- Associated Press - Saturday, June 25, 2016

LAS VEGAS (AP) - A Las Vegas man who admits using sex tapes to extort hush money from a prominent businessman is asking a federal judge to spare him prison time, arguing that he’s agreed to keep the victim’s identity secret.

Ernesto Joshua Ramos, 38, faces a recommendation from court officials that he receive 21 months in prison at sentencing Thursday in U.S. District Court in Las Vegas.

Ramos’ attorney, Gabriel Grasso, seeks probation. Grasso filed court documents June 20, calling the case unique “based upon the effort expended by all parties to keep the identity of the victim from becoming public.”

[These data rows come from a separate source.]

(* Let $c_{db}$ be large enough (depending only on $s,d$) so that the following holds: for any chain $Q_0\supset Q_1\supset\dots\supset Q_n$ in $\mathcal D$ with $Q_j$ a child of $Q_{j-1}$ and $Q_j$ not $p$-doubling for $1\le j\le n$, one has $\Theta(Q_j)\le 2^{-j/2}p(Q_0)$ for all $j$. Fix $Q\in\mathcal D$ and let $J\subset\mathcal D$ be a family of cubes contained in $Q$ such that for every $P\in J$, every cube $P'\in\mathcal D$ with $P\subset P'\subset Q$ is not $p$-doubling. Then $$\sigma(J)\le 2\,p(Q)^2\,\mu(Q).$$
   Context: $0<s<d$. $E\subset\mathbb R^d$ is a Cantor set built from a compact $Q^0$ by repeatedly choosing, inside each closed ''cube'' $Q$ of generation $k$, a finite nonempty family of closed children (the cubes of generation $k+1$), such that each child $Q'$ of $Q$ satisfies $\frac18\ell(Q)\le\ell(Q')\le\frac13\ell(Q)$, where $\ell(Q)=\operatorname{diam}(Q)$, and distinct children of $Q$ are at distance $\ge c_{sep}\ell(Q)$. $\mathcal D$ is the family of all such cubes. $\mu$ is a finite Borel measure supported on $E$ with $\mu(Q)>0$ for all $Q\in\mathcal D$. $\Theta(Q)=\mu(Q)/\ell(Q)^s$, $p(Q)=\sum_{P\in\mathcal D,\,P\supset Q}\frac{\ell(Q)}{\ell(P)}\Theta(P)$, $Q$ is $p$-doubling (with constant $c_{db}$) if $p(Q)\le c_{db}\Theta(Q)$, and for $\mathcal A\subset\mathcal D$, $\sigma(\mathcal A)=\sum_{P\in\mathcal A}\Theta(P)^2\mu(P)$. *)

From HB Require Import structures.
From mathcomp Require Import all_boot all_order all_algebra.
From mathcomp Require Import all_classical all_reals all_analysis.
Set Implicit Arguments. Unset Strict Implicit. Unset Printing Implicit Defensive.
Import Order.TTheory GRing.Theory Num.Theory.
Import numFieldNormedType.Exports.
Local Open Scope classical_set_scope.
Local Open Scope ring_scope.

(* Points of R^d are row vectors 'rV[R]_d.  The ambient measurable space is
   R^d with its Borel sigma-algebra (generated by the open sets). *)
Definition Rd (R : realType) (d : nat) := g_sigma_algebraType (@open 'rV[R]_d).

Definition edist (R : realType) (d : nat) (x y : 'rV[R]_d) : R :=
  Num.sqrt (\sum_(i < d) (x ord0 i - y ord0 i) ^+ 2).

Definition diam (R : realType) (d : nat) (A : set 'rV[R]_d) : R :=
  sup [set r | exists x y, A x /\ A y /\ r = edist x y].

Definition setdist (R : realType) (d : nat) (A B : set 'rV[R]_d) : R :=
  inf [set r | exists x y, A x /\ B y /\ r = edist x y].

Fixpoint gen (R : realType) (d : nat) (Q0 : set 'rV[R]_d)
    (ch : set 'rV[R]_d -> set (set 'rV[R]_d)) (k : nat) : set (set 'rV[R]_d) :=
  match k with
  | 0 => [set Q0]
  | k'.+1 => \bigcup_(Q in gen Q0 ch k') ch Q
  end.

Definition cubes (R : realType) (d : nat) (Q0 : set 'rV[R]_d)
    (ch : set 'rV[R]_d -> set (set 'rV[R]_d)) : set (set 'rV[R]_d) :=
  \bigcup_(k in [set: nat]) gen Q0 ch k.

Definition cantor_set (R : realType) (d : nat) (Q0 : set 'rV[R]_d)
    (ch : set 'rV[R]_d -> set (set 'rV[R]_d)) : set 'rV[R]_d :=
  \bigcap_(k in [set: nat]) \bigcup_(Q in gen Q0 ch k) Q.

“This effort was chiefly a result of the sordid nature of the facts which, if tied to the victim, would result in further victimization,” the defendant’s attorney said, according to a Las Vegas Review-Journal report (https://bit.ly/28NfdBy ).

An FBI complaint identifies the businessman only as a married Las Vegas-area resident with two minor children who is “part-owner of a well-known business” with access to a company jet.

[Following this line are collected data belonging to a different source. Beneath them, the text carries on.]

Theorem proposition13 (R : realType) (n1 n2 n3 s k : nat)
  (A : tensor R n1 n2 n3) (B : tensor R n1 s n3)
  (U : nat -> tensor R n1 s n3) (V : nat -> tensor R n2 s n3)
  (a b : nat -> tube R n3) :
  GK_run A B k U V a b ->
  let Uk := bcat (fun j : 'I_k => U j.+1) in
  let Uk1 := bcat (fun j : 'I_k.+1 => U j.+1) in
  let Vk := bcat (fun j : 'I_k => V j.+1) in
  [/\ tprod A Vk = tprod Uk1 (tkron (@Ctil R n3 k a b) (@tid R s n3)),
      tprod Uk1 (tkron (@Ctil R n3 k a b) (@tid R s n3))
        = tadd (tprod Uk (tkron (@Cmat R n3 k a b) (@tid R s n3)))
               (tprod (U k.+1)
                  (castr (mul1n s) (tkron (tprod (a k.+1) (@Ek R k n3)) (@tid R s n3)))),
      tprod (ttr A) Uk = tprod Vk (tkron (ttr (@Cmat R n3 k a b)) (@tid R s n3)) &
      B = castc (mul1n s) (tprod Uk1 (tkron (tprod (@E1 R k n3) (a 1%N)) (@tid R s n3)))].
Proof.
case: n3 A B U V a b => [|n] A B U V a b gk Uk Uk1 Vk; first by split; apply: tensor_eq0.
split.
- by apply: eq_tensor_mxtens => z r j c; apply: gk_AV_slice gk z r j c.
- by apply: eq_tensor_mxtens => z r j c; apply: Ctil_split_slice.
- by apply: eq_tensor_mxtens => z r j c; apply: gk_ATU_slice gk z r j c.
- apply: tfft_inj; apply: funext => z; apply/matrixP => r c.
  exact: gk_B_slice gk z r c.
Qed.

Over a two-year period, the businessman tipped a stripper, who was Ramos’ girlfriend, roughly $200,000 to dance and have sex with him in a private room at an adult nightclub, according to the criminal complaint in the case.

In October 2014, the woman secretly used her cellphone to videotape herself having sex with the businessman in a hotel room outside the U.S., according to court documents.

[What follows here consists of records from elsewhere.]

(* Let $Q$ be a right Leibniz algebra over $\mathbb{F}$, $L$ a subalgebra of $Q$, and $q\in Q$. Then $(L:q)$ is an ideal of $L$. Moreover, it is maximal among the ideals $I$ of $L$ such that $[I,q]\subseteq L$ and $[q,I]\subseteq L$, in the sense that every ideal $I$ of $L$ with $[I,q]\subseteq L$ and $[q,I]\subseteq L$ is contained in $(L:q)$.
   Context: A right Leibniz algebra satisfies $[x,[y,z]]=[[x,y],z]-[[x,z],y]$. Ideals of $L$: subspaces $I$ with $[I,L]\subseteq I$, $[L,I]\subseteq I$. For $x\in L$ let $R_x(u)=[u,x]$, $L_x(u)=[x,u]$ as operators on $Q$, and $\mathscr{A}(L)$ the associative algebra generated by $\{R_x,L_y:x,y\in L\}$. ${}_L(q)=\mathbb{F}q+\{\sum_{i=1}^n\xi_i(q):\xi_i\in\mathscr{A}(L),n\in\mathbb{N}\}$, and $(L:q)=\{x\in L:[x,{}_L(q)]\subseteq L,\ [{}_L(q),x]\subseteq L\}$. *)

From HB Require Import structures.
From mathcomp Require Import all_boot all_order all_algebra.
Set Implicit Arguments. Unset Strict Implicit. Unset Printing Implicit Defensive.
Import GRing.Theory.
Local Open Scope ring_scope.

Section LeibnizDefs.
Variables (F : fieldType) (Q : lmodType F) (br : Q -> Q -> Q).

Definition bilinear_bracket : Prop :=
  (forall (a : F) (x y z : Q), br (a *: x + y) z = a *: br x z + br y z) /\
  (forall (a : F) (x y z : Q), br z (a *: x + y) = a *: br z x + br z y).

Definition right_leibniz : Prop :=
  forall x y z : Q, br x (br y z) = br (br x y) z - br (br x z) y.

Definition subspace (S : Q -> Prop) : Prop :=
  S 0 /\ forall (a : F) (x y : Q), S x -> S y -> S (a *: x + y).

Definition subalgebra (L : Q -> Prop) : Prop :=
  subspace L /\ forall x y, L x -> L y -> L (br x y).

Definition ideal_of (L I : Q -> Prop) : Prop :=
  subspace I /\ (forall x, I x -> L x) /\
  (forall x y, I x -> L y -> I (br x y)) /\
  (forall x y, L x -> I y -> I (br x y)).

(* membership in the associative algebra A(L) generated (as an algebra of
   operators on Q) by the R_x : u |-> [u,x] and L_y : u |-> [y,u], x,y in L *)
Inductive inAL (L : Q -> Prop) : (Q -> Q) -> Prop :=
| AL_R x : L x -> inAL L (fun u => br u x)
| AL_L y : L y -> inAL L (fun u => br y u)
| AL_add f g : inAL L f -> inAL L g -> inAL L (fun u => f u + g u)
| AL_scale (a : F) f : inAL L f -> inAL L (fun u => a *: f u)
| AL_comp f g : inAL L f -> inAL L g -> inAL L (fun u => f (g u)).

Definition genL (L : Q -> Prop) (q : Q) (u : Q) : Prop :=
  exists (a : F) (n : nat) (xi : 'I_n -> Q -> Q),
    (forall i, inAL L (xi i)) /\ u = a *: q + \sum_(i < n) xi i q.

Definition colon (L : Q -> Prop) (q : Q) (x : Q) : Prop :=
  L x /\ forall u, genL L q u -> L (br x u) /\ L (br u x).

End LeibnizDefs.

(** By the right Leibniz identity, for y in L the brackets of a with [v,y] and
    [y,v] agree modulo L with brackets of v with [a,y] and [y,a], as soon as
    [a,v] and [v,a] lie in L. Hence if v brackets a set A into L and A is
    stable under bracketing with L, then so do [v,y] and [y,v]. With A = _L(q),
    which is stable under A(L), this makes (L:q) an ideal; with A = I, it shows
    that the vectors bracketing I into L form a subspace containing q and
    stable under A(L), hence containing _L(q). *)

From HB Require Import structures.
From mathcomp Require Import all_boot all_order all_algebra.
Set Implicit Arguments. Unset Strict Implicit. Unset Printing Implicit Defensive.
Import GRing.Theory.
Local Open Scope ring_scope.

Lemma additive0 (V W : zmodType) (f : V -> W) : {morph f : x y / x + y} -> f 0 = 0.
Proof. by move=> fD; apply: (addrI (f 0)); rewrite -fD !addr0. Qed.

Section Subspace.
Variables (F : fieldType) (Q : lmodType F) (S : Q -> Prop).
Hypothesis subS : subspace S.

Lemma subspace0 : S 0.
Proof. exact: subS.1. Qed.

Lemma subspaceD x y : S x -> S y -> S (x + y).
Proof. by move=> Sx Sy; rewrite -[x]scale1r; apply: subS.2. Qed.

Lemma subspaceZ a x : S x -> S (a *: x).
Proof. by move=> Sx; rewrite -[_ *: x]addr0; apply: subS.2 => //; exact: subspace0. Qed.

Lemma subspaceN x : S (- x) <-> S x.
Proof.
by split=> [/(subspaceZ (-1))|/(subspaceZ (-1))]; rewrite scaleN1r ?opprK.
Qed.

Lemma subspace_sum n (f : 'I_n -> Q) : (forall i, S (f i)) -> S (\sum_(i < n) f i).
Proof. by move=> Sf; apply: big_ind => //; [exact: subspace0 | exact: subspaceD]. Qed.

Lemma subspace_iffD x y : S (x + y) -> S x <-> S y.
Proof.
move=> Sxy; split=> [Sx|Sy].
  by rewrite -(addKr x y); apply: subspaceD => //; apply/subspaceN.
by rewrite -(addrK y x); apply: subspaceD => //; apply/subspaceN.
Qed.

Lemma subspace_iffB x y : S (x - y) -> S x <-> S y.
Proof.
move=> Sxy; have [SxN SNx] := subspace_iffD Sxy.
by split=> [/SxN/subspaceN | /subspaceN].
Qed.

End Subspace.

Lemma subspaceI (F : fieldType) (Q : lmodType F) (S T : Q -> Prop) :
  subspace S -> subspace T -> subspace (fun x => S x /\ T x).
Proof.
move=> subS subT; split; first by split; apply: subspace0.
by move=> a x y [Sx Tx] [Sy Ty]; split; [apply: subS.2 | apply: subT.2].
Qed.

Section Bracket.
Variables (F : fieldType) (Q : lmodType F) (br : Q -> Q -> Q).
Hypothesis brB : bilinear_bracket br.

Lemma brDl z : {morph br^~ z : x y / x + y}.
Proof. by move=> x y /=; rewrite -[x]scale1r brB.1 !scale1r. Qed.

Lemma brDr z : {morph br z : x y / x + y}.
Proof. by move=> x y; rewrite -[x]scale1r brB.2 !scale1r. Qed.

Lemma br0l z : br 0 z = 0.
Proof. exact: additive0 (brDl z). Qed.

Lemma br0r z : br z 0 = 0.
Proof. exact: additive0 (brDr z). Qed.

Section Generated.
Variables (L : Q -> Prop) (q : Q).

Lemma inAL_linear xi : inAL br L xi -> forall a x y, xi (a *: x + y) = a *: xi x + xi y.
Proof.
elim=> {xi} [z _|z _|f g _ IHf _ IHg|b f _ IHf|f g _ IHf _ IHg] a x y /=.
- exact: brB.1.
- exact: brB.2.
- by rewrite IHf IHg scalerDr addrACA.
- by rewrite IHf scalerDr !scalerA mulrC.
- by rewrite IHg IHf.
Qed.

Lemma inAL_sum xi n (f : 'I_n -> Q) :
  inAL br L xi -> xi (\sum_(i < n) f i) = \sum_(i < n) xi (f i).
Proof.
move=> ALxi; have xiD : {morph xi : x y / x + y}.
  by move=> x y; rewrite -[x]scale1r inAL_linear // !scale1r.
by rewrite (big_morph xi xiD (additive0 xiD)).
Qed.

Lemma inAL_stable (S : Q -> Prop) xi v : subspace S ->
  (forall y w, L y -> S w -> S (br w y) /\ S (br y w)) ->
  inAL br L xi -> S v -> S (xi v).
Proof.
move=> subS Sbr ALxi.
elim: ALxi v => {xi} [y Ly|y Ly|f g _ IHf _ IHg|a f _ IHf|f g _ IHf _ IHg] v Sv /=.
- exact: (Sbr y v Ly Sv).1.
- exact: (Sbr y v Ly Sv).2.
- by apply: subspaceD => //; [exact: IHf | exact: IHg].
- by apply: subspaceZ => //; exact: IHf.
- exact/IHf/IHg.
Qed.

Lemma genL_subspace : subspace (genL br L q).
Proof.
split; first by exists 0, 0, (fun _ v => v); split; [case | rewrite scale0r big_ord0 addr0].
move=> a _ _ [a1 [n1 [f1 [AL1 ->]]]] [a2 [n2 [f2 [AL2 ->]]]].
pose g i := match split i with inl j => fun v => a *: f1 j v | inr k => f2 k end.
exists (a * a1 + a2), (n1 + n2), g; split.
  by move=> i; rewrite /g; case: (split i) => j; [exact: AL_scale | exact: AL2].
rewrite big_split_ord /g scalerDr scalerDl -scalerA scaler_sumr addrACA.
congr (_ + (_ + _)); apply: eq_bigr => i _.
  by rewrite (unsplitK (inl i)).
by rewrite (unsplitK (inr i)).
Qed.

Lemma genL_op xi : inAL br L xi -> genL br L q (xi q).
Proof. by exists 0, 1, (fun _ => xi); rewrite scale0r add0r big_ord1. Qed.

Lemma genL_inAL xi u : inAL br L xi -> genL br L q u -> genL br L q (xi u).
Proof.
move=> ALxi [a [n [f [ALf ->]]]]; rewrite inAL_linear // inAL_sum //.
apply: genL_subspace.2; first exact: genL_op.
apply: subspace_sum; first exact: genL_subspace.
by move=> i; exact: genL_op (AL_comp ALxi (ALf i)).
Qed.

Lemma genL_br u y : genL br L q u -> L y ->
  genL br L q (br u y) /\ genL br L q (br y u).
Proof.
by move=> Gu Ly; split; [apply: genL_inAL (AL_R br Ly) Gu | apply: genL_inAL (AL_L br Ly) Gu].
Qed.

Lemma genL_min (S : Q -> Prop) u : subspace S -> S q ->
  (forall y v, L y -> S v -> S (br v y) /\ S (br y v)) ->
  genL br L q u -> S u.
Proof.
move=> subS Sq Sbr [a [n [f [ALf ->]]]]; apply: subS.2 => //.
by apply: subspace_sum => // i; exact: inAL_stable subS Sbr (ALf i) Sq.
Qed.

End Generated.
End Bracket.

Section Leibniz.
Variables (F : fieldType) (Q : lmodType F) (br : Q -> Q -> Q).
Hypotheses (brB : bilinear_bracket br) (brL : right_leibniz br).

Lemma br_brC x y z : br x (br y z) = - br x (br z y).
Proof. by rewrite !brL opprB. Qed.

Variable L : Q -> Prop.
Hypothesis subL : subalgebra br L.

Lemma subalg_brA x y u : L y -> L (br x u) ->
  L (br x (br y u)) <-> L (br (br x y) u).
Proof.
move=> Ly Lxu; apply: (subspace_iffB subL.1).
by rewrite brL addrAC subrr add0r; apply/(subspaceN subL.1)/subL.2.
Qed.

Lemma subalg_brAC x y u : L y -> L (br x u) ->
  L (br (br y x) u) <-> L (br (br y u) x).
Proof. by move=> Ly Lxu; apply: (subspace_iffB subL.1); rewrite -brL; apply: subL.2. Qed.

Definition brackets_into (A : Q -> Prop) (v : Q) :=
  forall a, A a -> L (br v a) /\ L (br a v).

Lemma brackets_into_subspace A : subspace (brackets_into A).
Proof.
split=> [a _|c v w Av Aw a Aa]; first by rewrite (br0l brB) (br0r brB); split; exact: subL.1.1.
have [Lva Lav] := Av a Aa; have [Lwa Law] := Aw a Aa.
by rewrite brB.1 brB.2; split; apply: subL.1.2.
Qed.

Lemma brackets_into_br A y v :
  (forall a z, A a -> L z -> A (br a z) /\ A (br z a)) -> L y ->
  brackets_into A v -> brackets_into A (br v y) /\ brackets_into A (br y v).
Proof.
move=> Abr Ly Av; split=> a Aa; have [Lva Lav] := Av a Aa;
  have [Aay Aya] := Abr a y Aa Ly; split.
- by apply/subalg_brA => //; exact: (Av _ Aya).1.
- by rewrite br_brC; apply/(subspaceN subL.1)/subalg_brA => //; exact: (Av _ Aay).2.
- by apply/subalg_brAC => //; exact: (Av _ Aya).2.
- by apply/subalg_brA => //; exact: (Av _ Aay).2.
Qed.

Variable q : Q.

Lemma colon_ideal : ideal_of br L (colon br L q).
Proof.
split; first exact: subspaceI subL.1 (brackets_into_subspace _).
split; first by move=> x [].
split=> [x y [Lx Gx] Ly | x y Lx [Ly Gy]]; split; first exact: subL.2.
- exact: (brackets_into_br (genL_br brB (q:=q)) Ly Gx).1.
- exact: subL.2.
- exact: (brackets_into_br (genL_br brB (q:=q)) Lx Gy).2.
Qed.

Lemma colon_max I : ideal_of br L I ->
  (forall x, I x -> L (br x q) /\ L (br q x)) -> forall x, I x -> colon br L q x.
Proof.
move=> [_ [IL [IbrL IbrR]]] Iq x Ix; split; first exact: IL.
move=> u Gu; suff /(_ x Ix) [] : brackets_into I u by split.
apply: (genL_min (brackets_into_subspace I) _ _ Gu); first by move=> a /Iq [].
move=> y v Ly; apply: brackets_into_br Ly => a z Ia Lz.
by split; [exact: IbrL | exact: IbrR].
Qed.

End Leibniz.

Theorem proposition3p1 (F : fieldType) (Q : lmodType F) (br : Q -> Q -> Q)
  (Hbil : bilinear_bracket br) (Hleib : right_leibniz br)
  (L : Q -> Prop) (HL : subalgebra br L) (q : Q) :
  ideal_of br L (colon br L q) /\
  (forall I : Q -> Prop, ideal_of br L I ->
     (forall x, I x -> L (br x q) /\ L (br q x)) ->
     forall x, I x -> colon br L q x).
Proof. by split; [exact: colon_ideal | exact: colon_max]. Qed.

Ramos acknowledged in his plea agreement that he later sought $200,000 with threats that included posting photos from the sex tapes on social media.

Ramos was arrested in January 2015, after the businessman paid the money in a meeting secretly recorded by the FBI, according to court documents.

Since his plea agreement, Ramos has been barred from approaching the businessman’s home and workplace. He also had to surrender any remaining sex tapes, two Apple iPhones and a laptop used in the scheme.

The woman wasn’t charged.

Early in the case, U.S. Magistrate Judge William Hoffman signed an unusual protective order at the request of prosecutors that prohibited disclosure of the businessman’s identity and company in any public filings.

In November, prosecutors persuaded U.S. District Judge Gloria Navarro to continue withholding the businessman’s name from the public.

Navarro said at the time that keeping the name secret encouraged victims to go to law enforcement.